Can one prove $\int^b_a f(t) \ dt = - \int^a_b f(t) \ dt$ ? Similarly can one prove $\int^a_a f(t) \ dt = 0$ ? Is equality only by definition in both?

Question

Can one prove $$\int^b_a f(t) \ dt = - \int^a_b f(t) \ dt$$ ? Similarly can one prove $$\int^a_a f(t) \ dt = 0$$ ? Is equality only by definition in both?

I've learned that $\int^b_a f(t) \ dt$ represent the equal values of the lower and upper integrals (supremum and infimum with respect to lower and upper sums of partitions).

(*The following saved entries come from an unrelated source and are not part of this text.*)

(* Let $K$ be a field, $X=\{x_1,\dots,x_n\}$, $H=\langle h_1,\dots,h_r\rangle\subseteq K[X]$, $f\in K[X]$, let $Y=\{x_1,\dots,x_d\}$ be a maximum-size set of independent variables for $H$, let $Z=\{x_{d+1},\dots,x_n\}$ and $H'=HK(Y)[Z]$. Then $f\in\sqrt{H'}$ if and only if $\langle h_1,\dots,h_r,f\cdot t-1\rangle K[Y,Z,t]\cap K[Y]\neq\langle 0\rangle$, where $t$ is a new variable.
   Context: A set $Y=\{x_1,\dots,x_d\}\subseteq X$ is a maximum-size set of independent variables for $H$ if $H\cap K[Y]=\langle 0\rangle$ and for every subset $W\subseteq X$ with more than $d$ elements $H\cap K[W]\neq\langle 0\rangle$. $K(Y)$ is the field of rational functions in $x_1,\dots,x_d$ and $\sqrt{H'}$ is the radical of $H'$ in $K(Y)[Z]$. *)

From HB Require Import structures.
From mathcomp Require Import all_boot all_algebra.
From mathcomp Require Import fraction.
From mathcomp.multinomials Require Import mpoly.
Set Implicit Arguments. Unset Strict Implicit. Unset Printing Implicit Defensive.
Import GRing.Theory.
Local Open Scope ring_scope.

Definition in_ideal (R : comNzRingType) (r : nat) (g : 'I_r -> R) (p : R) : Prop :=
  exists c : 'I_r -> R, p = \sum_(i < r) c i * g i.

Definition in_radical (R : comNzRingType) (r : nat) (g : 'I_r -> R) (p : R) : Prop :=
  exists k : nat, in_ideal g (p ^+ k).

(* p lies in the subring K[W] of K[x_0..x_{n-1}]: only variables of W occur *)
Definition vars_in (K : fieldType) (n : nat) (W : {set 'I_n}) (p : {mpoly K[n]}) : Prop :=
  forall m, m \in msupp p -> forall i : 'I_n, i \notin W -> m i = 0%N.

Definition ideal_meets (K : fieldType) (n r : nat) (g : 'I_r -> {mpoly K[n]})
  (W : {set 'I_n}) : Prop :=
  exists2 p : {mpoly K[n]}, p != 0 & in_ideal g p /\ vars_in W p.

Definition max_indep_set (K : fieldType) (n r : nat) (g : 'I_r -> {mpoly K[n]})
  (W : {set 'I_n}) : Prop :=
  ~ ideal_meets g W /\
  forall W' : {set 'I_n}, (#|W| < #|W'|)%N -> ideal_meets g W'.

(* X = {x_0..x_{d+m-1}}, Y = first d variables, Z = last m variables *)
Definition Yset (d m : nat) : {set 'I_(d + m)} := [set i : 'I_(d + m) | (i < d)%N].

Definition KY (K : fieldType) (d : nat) := {fraction {mpoly K[d]}}.

(* the natural map K[X] = K[Y,Z] -> K(Y)[Z] *)
Definition toKYZ (K : fieldType) (d m : nat) (p : {mpoly K[d + m]})
  : {mpoly (KY K d)[m]} :=
  mmap (fun c : K => (@FracField.tofrac {mpoly K[d]} (c%:MP))%:MP)
       (fun i : 'I_(d + m) => match split i with
                              | inl j => (@FracField.tofrac {mpoly K[d]} ('X_j))%:MP
                              | inr k => 'X_k
                              end) p.

(* the inclusion K[X] -> K[X,t], t being the last variable *)
Definition toKXt (K : fieldType) (n : nat) (p : {mpoly K[n]}) : {mpoly K[n.+1]} :=
  mmap (fun c : K => c%:MP) (fun i : 'I_n => 'X_(widen_ord (leqnSn n) i)) p.

Definition tvar (K : fieldType) (n : nat) : {mpoly K[n.+1]} := 'X_(@ord_max n).

Definition rabino_gens (K : fieldType) (n r : nat) (h : 'I_r -> {mpoly K[n]})
  (f : {mpoly K[n]}) : 'I_r.+1 -> {mpoly K[n.+1]} :=
  fun i => match unlift ord_max i with
           | Some j => toKXt (h j)
           | None => toKXt f * tvar K n - 1
           end.

Definition Yset_t (d m : nat) : {set 'I_(d + m).+1} := [set i : 'I_(d + m).+1 | (i < d)%N].

From HB Require Import structures.
From mathcomp Require Import all_boot all_algebra.
From mathcomp Require Import fraction ring.
From mathcomp.multinomials Require Import mpoly.
Set Implicit Arguments. Unset Strict Implicit. Unset Printing Implicit Defensive.
Import GRing.Theory.
Local Open Scope ring_scope.

(* Over the field K(Y) this is Rabinowitsch's trick.  If f^k = sum_i c_i h_i in
   K(Y)[Z], a common denominator 0 <> D in K[Y] of the c_i gives D f^k in H, and
   then D = t^k (D f^k) - D (1 - (f t)^k) lies in <H, f t - 1>.  Conversely, if
   0 <> p in K[Y] lies in <H, f t - 1>, substituting t := 1/f into the fraction
   field of K(Y)[Z] and clearing the powers of f gives f^N p in H K(Y)[Z], where
   p is a unit. *)

Section MpolyMorphism.
Variables (n : nat) (R : comNzRingType).

Lemma mpoly_indCX (P : {mpoly R[n]} -> Prop) :
  (forall c, P c%:MP) -> (forall i, P 'X_i) ->
  (forall p q, P p -> P q -> P (p + q)) ->
  (forall p q, P p -> P q -> P (p * q)) -> forall p, P p.
Proof.
move=> PC PX PD PM p; rewrite (mpolyE p).
elim/big_ind: _ => [|p1 p2|mu _]; [by rewrite -mpolyC0 | exact: PD |].
rewrite -mul_mpolyC mpolyXE_id; apply: (PM) => //.
elim/big_ind: _ => [|p1 p2|i _]; [by rewrite -mpolyC1 | exact: PM |].
elim: (mu i) => [|k IHk]; first by rewrite expr0 -mpolyC1.
by rewrite exprS; apply: (PM).
Qed.

Lemma mpoly_rmorph_ext (S : nzRingType) (g1 g2 : {rmorphism {mpoly R[n]} -> S}) :
  (forall c, g1 c%:MP = g2 c%:MP) -> (forall i, g1 'X_i = g2 'X_i) -> g1 =1 g2.
Proof.
move=> eqC eqX; elim/mpoly_indCX => // p q E1 E2.
  by rewrite !rmorphD E1 E2.
by rewrite !rmorphM E1 E2.
Qed.

Lemma rmorph_mmap (S T : comNzRingType) (f : R -> S) (h : 'I_n -> S)
    (g : {rmorphism S -> T}) p :
  g (mmap f h p) = mmap (g \o f) (g \o h) p.
Proof.
rewrite rmorph_sum; apply: eq_bigr => mu _; rewrite rmorphM rmorph_prod.
by congr (_ * _); apply: eq_bigr => i _; rewrite rmorphXn.
Qed.

Lemma eq_mmap_on (S : nzRingType) (f1 f2 : R -> S) (h1 h2 : 'I_n -> S)
    (W : pred 'I_n) p :
  f1 =1 f2 -> {in W, h1 =1 h2} ->
  (forall mu, mu \in msupp p -> forall i, i \notin W -> mu i = 0%N) ->
  mmap f1 h1 p = mmap f2 h2 p.
Proof.
move=> eq_f eq_h suppW; apply: eq_big_seq => mu mu_p; rewrite eq_f.
congr (_ * _); apply: eq_bigr => i _.
by have [/eq_h->|/(suppW _ mu_p)->] := boolP (i \in W); rewrite ?expr0.
Qed.

End MpolyMorphism.

Lemma map_mpoly_inj n (R S : nzRingType) (f : {rmorphism R -> S}) :
  injective f -> injective (@map_mpoly n R S f).
Proof.
move=> inj_f p q /mpolyP eq_pq; apply/mpolyP => mu.
by apply: inj_f; rewrite -!mcoeff_map_mpoly eq_pq.
Qed.

Lemma tofrac_inj (R : idomainType) : injective (@FracField.tofrac R).
Proof. by move=> x y /eqP; rewrite tofrac_eq => /eqP. Qed.

Section Rename.
Variables (R : comNzRingType) (a b : nat) (tau : 'I_a -> 'I_b).

Definition mrename (p : {mpoly R[a]}) : {mpoly R[b]} :=
  mmap (@mpolyC b R) (fun i => 'X_(tau i)) p.
HB.instance Definition _ :=
  GRing.RMorphism.copy mrename (mmap (@mpolyC b R) (fun i => 'X_(tau i))).

Lemma mrenameC c : mrename c%:MP = c%:MP.
Proof. exact: mmapC. Qed.

Lemma mrenameX i : mrename 'X_i = 'X_(tau i).
Proof. by rewrite /mrename mmapX mmap1U. Qed.

Lemma msupp_mrename p mu : mu \in msupp (mrename p) ->
  forall j, j \notin codom tau -> mu j = 0%N.
Proof.
move=> /msupp_sum_le /flattenP [s /mapP [nu _ ->]].
rewrite mul_mpolyC => /msuppZ_le.
rewrite /mmap1 mprodXnE msuppX inE => /eqP -> j tau'j.
rewrite mnm_sumE big1 // => i _; rewrite mulmnE mnm1E.
by case: eqP => [eq_ij|]; rewrite ?muln0 //; case/codomP: tau'j; exists i.
Qed.

Hypothesis tau_inj : injective tau.

Definition unrename_var (j : 'I_b) : {mpoly R[a]} :=
  if [pick i | tau i == j] is Some i then 'X_i else 0.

Also a partition is defined as follows: $$a = x_0 < x_1 < ... < x_n = b$$, which imply $a < b$.

So how does one make any sense of the equalities above ? Can one prove them by means of theory (please show me how), or why have people chosen these definitions ?

Answer 1

Alternatively, if you use Riemann sums, $$\int_a^b f(x) dx = \lim_{N \to \infty} \frac{b-a}{N}\sum_{k=0}^{N-1} f\left(a+k \frac{b-a}{N}\right),$$ then swapping $a$ and $b$ reverseing the order of the sum using $k=N-j$, you will get the same expression but with a minus sign (up to a small error term that goes away in the limit).

Answer 2

Notice that $$\int_a^b f(t)dt+\int_b^c f(t) dt=\int_a^c f(t) dt $$ thus if $c=a$ rigth hand side become zero and we are done.

$$\int_a ^a f(t)dt$$ being zero is clear from many aspect.

Answer 3

Let $F(x)=\int f(x)dx$ (Indefinite)

then your first equation is $F(b)-F(a)$ (Arbitrary constant gets cancelled).

I assume you can carry on from here. And those partitions need are true even if inequalities don't hold but we like to define it that way as integral from a to b represents area under curve from a to b. Just google geometrical significance of integral.